Изменить стиль страницы

Селкерк не ответил. Но впервые он подумал, что понимает, почему моряки в «Пике китобоя» называли эти обманчивые далекие мерцания света так, как называли.

— Я бросилась вниз, думая, что сама сяду в лодку и поплыву спасать их. Но волны… Они так бушевали, что мне пришлось ждать. Слезы замерзали у меня на щеках. Я была в одном платье, и ветер пронизывал меня до костей. Дверь маяка хлопала, потому что я не закрыла ее как положено. Меня охватила такая паника, такая злость на собственное бессилие, что я готова была снова закричать. Я всмотрелась в море и упала на колени в благодарности. Он был там, мистер Селкерк. Я увидела корабль. По крайней мере, какую-то часть его. Я смогла различить нос, переднюю часть палубы, обломок мачты. Я вскочила и бросилась обратно за одеждой. А потом я побежала в город. Лошадь мы не держали. Чарли не любил их. Всю дорогу меня не покидало странное чувство, ощущение, будто я заблудилась. Но это было невозможно. Тропинка в город в те времена была хорошо ухожена, и даже сейчас вы ведь легко добрались, верно? Но я ничего не могла с собой поделать. Вокруг летали снег и песок, бешеный ветер дул с дюн. Было так холодно. Мой Чарли замерзал в море. Помню, я думала: вот что чувствует брукса. Вот почему она мучает путешественников. Вот почему она пьет их кровь. Знаете, в какую-то минуту я даже подумала, что превратилась в нее.
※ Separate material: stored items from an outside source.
(* Let $\tau$ be a nice vocabulary, $m,k\in\mathbb N$, and let $\mathfrak K$ be an $m$-ary $PW(k)$-class of $\tau$-structures. Then $\mathfrak K$ is $(m,0)$-constructible.
   Context: Vocabularies are finite and relational; a vocabulary is nice if every relation symbol has positive arity. $m$-ary $PW(k)$-class: for a nice $\tau$, a class $\mathfrak K$ of $\tau$-structures is an $m$-ary $PW(k)$-class if there are a vocabulary $\tau^+\supseteq\tau$ with $|\tau^+\setminus\tau|=k$ and every relation in $\tau^+\setminus\tau$ of arity at most $m$, and a finite set $\mathfrak P$ of $\tau^+$-structures, such that $\mathfrak K$ consists exactly of the $\tau$-reducts of structures in the closure of $\mathfrak P$ under: disjoint union; recoloring $\rho_{i\to j}$ (for unary auxiliary predicates, move all elements of $P_i$ to $P_j$); modifications $\delta_{R,B}$ (redefine a relation $R$ by a quantifier-free formula $B$ of $\tau^+$). A $k$-const structure is $(M,a_1,\dots,a_k)$ with $a_i\in|M|$. Addition operations $\mathfrak S_{\tau,k,k_1,k_2}$: an element $\mathbf s$ consists of sets $A_l\subseteq\{1,\dots,k_l\}$, injections $g_l:A_l\to\{1,\dots,k\}$ with disjoint images covering $\{1,\dots,k\}$, sets $B_l\subseteq\{1,\dots,k_l\}^2$, $B\subseteq\{1,\dots,k_1\}\times\{1,\dots,k_2\}$, and for each $R\in\tau$ of arity $n$ and $w_1,w_2\subseteq\{1,\dots,n\}$ a $\{\mathbb T,\mathbb F\}$-valued function $f_{R,w_1,w_2}$ on triples $(p,q_1,q_2)$ ($p$ a quantifier-free $n$-type in a vocabulary of $k_1+k_2$ constants and two unary predicates, $q_l$ a quantifier-free $\tau$-type in $(x_i)_{i\in w_l}$). For $k_l$-const $(M_l,\bar a^l)$ with $|M_1|\cap|M_2|\subseteq\{a^1_i\}\cap\{a^2_j\}$, $a^l_i=a^l_j\iff(i,j)\in B_l$, $a^1_i=a^2_j\iff(i,j)\in B$, the sum $M_1\circledast_{\mathbf s}M_2$ is the $k$-const structure with universe $(|M_1|\setminus\{a^1_i\})\cup(|M_2|\setminus\{a^2_i\})\cup\{a^l_i:i\in A_l\}$, constants $b_{g_l(i)}=a^l_i$, and $R(\bar x)$ given by $f_{R,w_1,w_2}(p,q_1,q_2)$ where $w_l=\{i:x_i\in|M_l|\}$, $p$ is the quantifier-free type of $\bar x$ over all constants $a^l_i$ and the predicates $|M_1|,|M_2|$, and $q_l$ the quantifier-free type of $(x_i)_{i\in w_l}$ in $M_l$. Empty structures $\mathrm{Null}_X$ are allowed. A class $\mathfrak K$ of $\tau$-structures is $(m^*,k^* )$-constructible if there are a finite relational $\tau^+\supseteq\tau$ with all relations in $\tau^+\setminus\tau$ of arity $\le m^*$, a finite set $\mathfrak P$ of $k$-const $\tau^+$-structures ($k\le k^*$), and a finite set $\mathfrak S$ of addition operations in $\mathfrak S_{\tau^+,k,k_1,k_2}$ with $k,k_1,k_2\le k^*$, such that $\mathfrak K$ is exactly the set of $\tau$-reducts of the closure of $\mathfrak P$ under $\mathfrak S$. *)

(* Finite relational structures whose universes are finite
   subsets (given as sequences) of the ambient type nat, so that the
   set-theoretic conditions of the paper (disjointness, |M1| ∩ |M2| ⊆ constants)
   are meaningful. Classes are taken up to isomorphism (closure rules include
   isomorphic copies). *)
From mathcomp Require Import all_boot.
Set Implicit Arguments. Unset Strict Implicit. Unset Printing Implicit Defensive.
(* Let $D,Q,P$ be simplicial abelian groups and $s\colon D\to P$, $f\colon Q\to P$ simplicial homomorphisms. Suppose $D$ is free and $m$-connected ($m\in\mathbb N$) and $f$ is surjective. Then there exists a simplicial homomorphism $t\colon D\to Q$ such that $f\circ t|_{D_{(m)}}=s|_{D_{(m)}}$.
   Context: A simplicial abelian group $D$ is free if each $D_q$ is a free abelian group. $D_{(m)}\subset D$ denotes the $m$-skeleton (the simplicial subset generated by simplices of dimension $\le m$). *)

From HB Require Import structures.
From mathcomp Require Import all_boot all_order all_algebra.
Unset Printing Implicit Defensive.
Import GRing.Theory.
Local Open Scope ring_scope.

(* Indices out of range
   are junk and never constrained nor used. *)
Record sAb := SAb {
  sob :> nat -> zmodType;
  sface : forall n, nat -> sob n.+1 -> sob n;
  sdeg : forall n, nat -> sob n -> sob n.+1;
  sface_add : forall n i, (i <= n.+1)%N ->
    forall x y : sob n.+1, sface n i (x - y) = sface n i x - sface n i y;
  sdeg_add : forall n i, (i <= n)%N ->
    forall x y : sob n, sdeg n i (x - y) = sdeg n i x - sdeg n i y;
  sface_face : forall n i j, (i < j)%N -> (j <= n.+2)%N -> forall x,
    sface n i (sface n.+1 j x) = sface n j.-1 (sface n.+1 i x);
  sdeg_deg : forall n i j, (i <= j)%N -> (j <= n)%N -> forall x,
    sdeg n.+1 i (sdeg n j x) = sdeg n.+1 j.+1 (sdeg n i x);
  sface_deg_lt : forall n i j, (i < j)%N -> (j <= n.+1)%N -> forall x,
    sface n.+1 i (sdeg n.+1 j x) = sdeg n j.-1 (sface n i x);
  sface_deg_eq : forall n j, (j <= n)%N -> forall x,
    sface n j (sdeg n j x) = x;
  sface_deg_eqS : forall n j, (j <= n)%N -> forall x,
    sface n j.+1 (sdeg n j x) = x;
  sface_deg_gt : forall n i j, (j.+1 < i)%N -> (i <= n.+2)%N -> forall x,
    sface n.+1 i (sdeg n.+1 j x) = sdeg n j (sface n i.-1 x)
}.

Record sHom (D E : sAb) := SHom {
  hmap :> forall n, D n -> E n;
  hmap_add : forall n (x y : D n), hmap n (x - y) = hmap n x - hmap n y;
  hmap_face : forall n i, (i <= n.+1)%N -> forall x,
    hmap n (sface D n i x) = sface E n i (hmap n.+1 x);
  hmap_deg : forall n i, (i <= n)%N -> forall x,
    hmap n.+1 (sdeg D n i x) = sdeg E n i (hmap n x)
}.

Definition free_zmod (V : zmodType) : Prop :=
  exists (I : eqType) (b : I -> V),
    (forall v : V, exists (s : seq I) (c : I -> int),
        v = \sum_(i <- s) b i *~ c i) /\
    (forall (s : seq I) (c : I -> int), uniq s ->
        \sum_(i <- s) b i *~ c i = 0 -> forall i, i \in s -> c i = 0).

Definition sfree (D : sAb) : Prop := forall q, free_zmod (D q).

(* Homotopy groups via the normalized Moore complex:
   N_n = {x in D_n | d_i x = 0 for 1 <= i <= n}, differential d_0,
   pi_n(D) = H_n(N D).  pi_n(D) = 0 means: every x in D_n with d_i x = 0 for
   all 0 <= i <= n is d_0 y for some y in D_{n+1} with d_i y = 0 for
   1 <= i <= n+1.  (For n = 0 there are no faces on D_0.) *)
Definition cycleN (D : sAb) (n : nat) (x : D n) : Prop :=
  match n return D n -> Prop with
  | 0 => fun _ => True
  | k.+1 => fun x => forall i, (i <= k.+1)%N -> sface D k i x = 0
  end x.

Definition pi_trivial (D : sAb) (n : nat) : Prop :=
  forall x : D n, cycleN D n x ->
    exists y : D n.+1,
      (forall i, (1 <= i <= n.+1)%N -> sface D n i y = 0) /\ sface D n 0 y = x.

Definition sconnected (m : nat) (D : sAb) : Prop :=
  forall i, (i <= m)%N -> pi_trivial D i.

Definition ssurj (D E : sAb) (f : sHom D E) : Prop :=
  forall n (y : E n), exists x : D n, f n x = y.

Inductive in_skel (D : sAb) (m : nat) : forall q, D q -> Prop :=
| skel_base : forall q (x : D q), (q <= m)%N -> in_skel D m _ x
| skel_face : forall q i (x : D q.+1), (i <= q.+1)%N -> in_skel D m _ x ->
    in_skel D m _ (sface D q i x)
| skel_deg : forall q i (x : D q), (i <= q)%N -> in_skel D m _ x ->
    in_skel D m _ (sdeg D q i x).

(* Pass to the Moore complexes N_n = (intersection of ker d_i, i >= 1) with
   differential d_0.  Since D is free and pi_k D = 0 for k <= m, lifting along
   bases yields a contracting homotopy h of N D in degrees <= m, i.e.
   d h + h d = 1; since D is free and f is onto, s lifts degreewise to additive
   maps L with f L = s.  Projecting L to the Moore complex, the chain map
   T := d (L h) + (L h) d from N D to N Q satisfies f T = s (d h + h d) = s in
   degrees <= m.  By Dold-Kan, T extends to a simplicial map t, and since a
   simplicial map is determined in degrees <= m by its restriction to the Moore
   complex there, f t and s agree in degrees <= m, hence on the m-skeleton. *)

From HB Require Import structures.
From mathcomp Require Import all_boot all_order all_algebra zify.
From Stdlib Require Import ClassicalEpsilon.
Import GRing.Theory.
Local Open Scope ring_scope.

Section ZmodMorphism.
Context {U V : zmodType} {g : U -> V} (g_morph : zmod_morphism g).
HB.instance Definition _ := GRing.isZmodMorphism.Build U V g g_morph.

Lemma zmod_morphism0 : g 0 = 0. Proof. exact: raddf0. Qed.
Lemma zmod_morphismD : {morph g : x y / x + y}. Proof. exact: raddfD. Qed.
Lemma zmod_morphismMz x n : g (x *~ n) = g x *~ n. Proof. exact: raddfMz. Qed.
Lemma zmod_morphism_sum I r (P : pred I) (F : I -> U) :
  g (\sum_(i <- r | P i) F i) = \sum_(i <- r | P i) g (F i).
Proof. exact: raddf_sum. Qed.
End ZmodMorphism.

Section FreeLift.
Context {I : eqType}.

Definition combo {V : zmodType} (b : I -> V) (l : seq (I * int)) :=
  \sum_(p <- l) b p.1 *~ p.2.
Definition coef (l : seq (I * int)) i := \sum_(p <- l) (if p.1 == i then p.2 else 0).
Definition opp_combo (l : seq (I * int)) := [seq (p.1, - p.2) | p <- l].

Lemma combo_cat {V : zmodType} (b : I -> V) l1 l2 :
  combo b (l1 ++ l2) = combo b l1 + combo b l2.
Proof. by rewrite /combo big_cat. Qed.

Lemma combo_opp {V : zmodType} (b : I -> V) l : combo b (opp_combo l) = - combo b l.
Proof. by rewrite /combo big_map -sumrN; apply: eq_bigr => p _; rewrite mulrNz. Qed.

Lemma combo_coef {V : zmodType} (b : I -> V) l u :
  uniq u -> {subset map fst l <= u} -> combo b l = \sum_(i <- u) b i *~ coef l i.
Proof.
move=> u_uniq; elim: l => [|p l IHl] l_u.
  by rewrite /combo big_nil big1 // => i _; rewrite /coef big_nil.
have pu : p.1 \in u by apply: l_u; rewrite inE eqxx.
rewrite /combo big_cons -/(combo b l) IHl; last first.
  by move=> i il; apply: l_u; rewrite inE il orbT.
rewrite /coef; under [RHS]eq_bigr do rewrite big_cons mulrzDr.
rewrite big_split /=; congr (_ + _).
rewrite (bigD1_seq p.1) //= eqxx big1 ?addr0 // => i.
by rewrite eq_sym => /negbTE ->; rewrite mulr0z.
Qed.

Lemma combo_indep_eq {V W : zmodType} (b : I -> V) (y : I -> W) :
  (forall (s : seq I) (c : I -> int), uniq s ->
     \sum_(i <- s) b i *~ c i = 0 -> forall i, i \in s -> c i = 0) ->
  forall l1 l2, combo b l1 = combo b l2 -> combo y l1 = combo y l2.
Proof.
move=> b_indep l1 l2 eq_b; set l := l1 ++ opp_combo l2.
have u_uniq : uniq (undup (map fst l)) by apply: undup_uniq.
have l_u : {subset map fst l <= undup (map fst l)} by move=> i; rewrite mem_undup.
have : combo b l = 0 by rewrite combo_cat combo_opp eq_b subrr.
rewrite (combo_coef _ _ _ u_uniq l_u) => /(b_indep _ _ u_uniq) coef0.
apply/eqP; rewrite -subr_eq0 -combo_opp -combo_cat -/l (combo_coef _ _ _ u_uniq l_u).
by rewrite big_seq big1 // => i /coef0 ->; rewrite mulr0z.
Qed.
End FreeLift.

Lemma free_zmod_lift {V W Y : zmodType} {S : Y -> Prop} {r : V -> W} {p : Y -> W} :
  free_zmod V -> zmod_morphism r -> zmod_morphism p ->
  S 0 -> (forall a b, S a -> S b -> S (a - b)) ->
  (forall v, exists y, S y /\ p y = r v) ->
  exists H : V -> Y, [/\ zmod_morphism H, forall v, S (H v) & forall v, p (H v) = r v].
Proof.
move=> [I [b [b_span b_indep]]] r_morph p_morph S0 S_sub r_lifts.
pose y i := sval (constructive_indefinite_description _ (r_lifts (b i))).
have [Sy py] : (forall i, S (y i)) /\ (forall i, p (y i) = r (b i)).
  by split=> i; case: (svalP (constructive_indefinite_description _ (r_lifts (b i)))).
have rep_ex v : exists l, v = combo b l.
  have [s [c ->]] := b_span v.
  by exists [seq (i, c i) | i <- s]; rewrite /combo big_map.
pose rep v := sval (constructive_indefinite_description _ (rep_ex v)).
have repE v : v = combo b (rep v) := svalP (constructive_indefinite_description _ (rep_ex v)).
have S_add a c : S a -> S c -> S (a + c).
  move=> Sa Sc; have -> : a + c = a - (0 - c) by rewrite sub0r opprK.
  by apply: (S_sub) => //; apply: (S_sub).
have S_mulz a n : S a -> S (a *~ n).
  have S_muln k : S a -> S (a *+ k).
    by move=> Sa; elim: k => [|k IHk]; rewrite ?mulrS //; apply: S_add.
  move=> Sa; case: n => n; first exact: S_muln.
  by rewrite NegzE mulrNz -sub0r; apply: S_sub => //; apply: S_muln.
exists (fun v => combo y (rep v)); split.
- move=> v w; rewrite -combo_opp -combo_cat; apply: (combo_indep_eq _ _ b_indep).
  by rewrite combo_cat combo_opp -!repE.
- move=> v; rewrite /combo; elim: (rep v) => [|q l IHl]; rewrite ?big_nil ?big_cons //.
  by apply: (S_add) => //; apply: S_mulz.
- move=> v; rewrite [in RHS](repE v) /combo (zmod_morphism_sum r_morph).
  rewrite (zmod_morphism_sum p_morph); apply: eq_bigr => q _.
  by rewrite (zmod_morphismMz p_morph) (zmod_morphismMz r_morph) py.
Qed.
Селкерк передернул плечами, прогоняя удивление, и поджал губы.

— Брука?

— Брукса. Это как… банши. Знаете это слово? Призрак, но не чей-то, а сам по себе. Ужасное существо.

Ему кажется, или за окном действительно начало смеркаться? Если не покончить с делом, ради которого он сюда пришел, им обоим придется сегодня ночевать здесь.

— Миссис Маршант, я думаю, мы сможем продолжить этот разговор по пути в город.

Миссис Маршант вздрогнула, как будто он ударил ее.

— Что?

— Миссис Маршант, вы ведь наверняка понимаете, для чего я явился сюда. Мы перевезем ваши вещи. Вам, конечно, не обязательно уезжать прямо сегодня, но так ведь будет проще, согласитесь. Я пойду с вами и прослежу, чтобы…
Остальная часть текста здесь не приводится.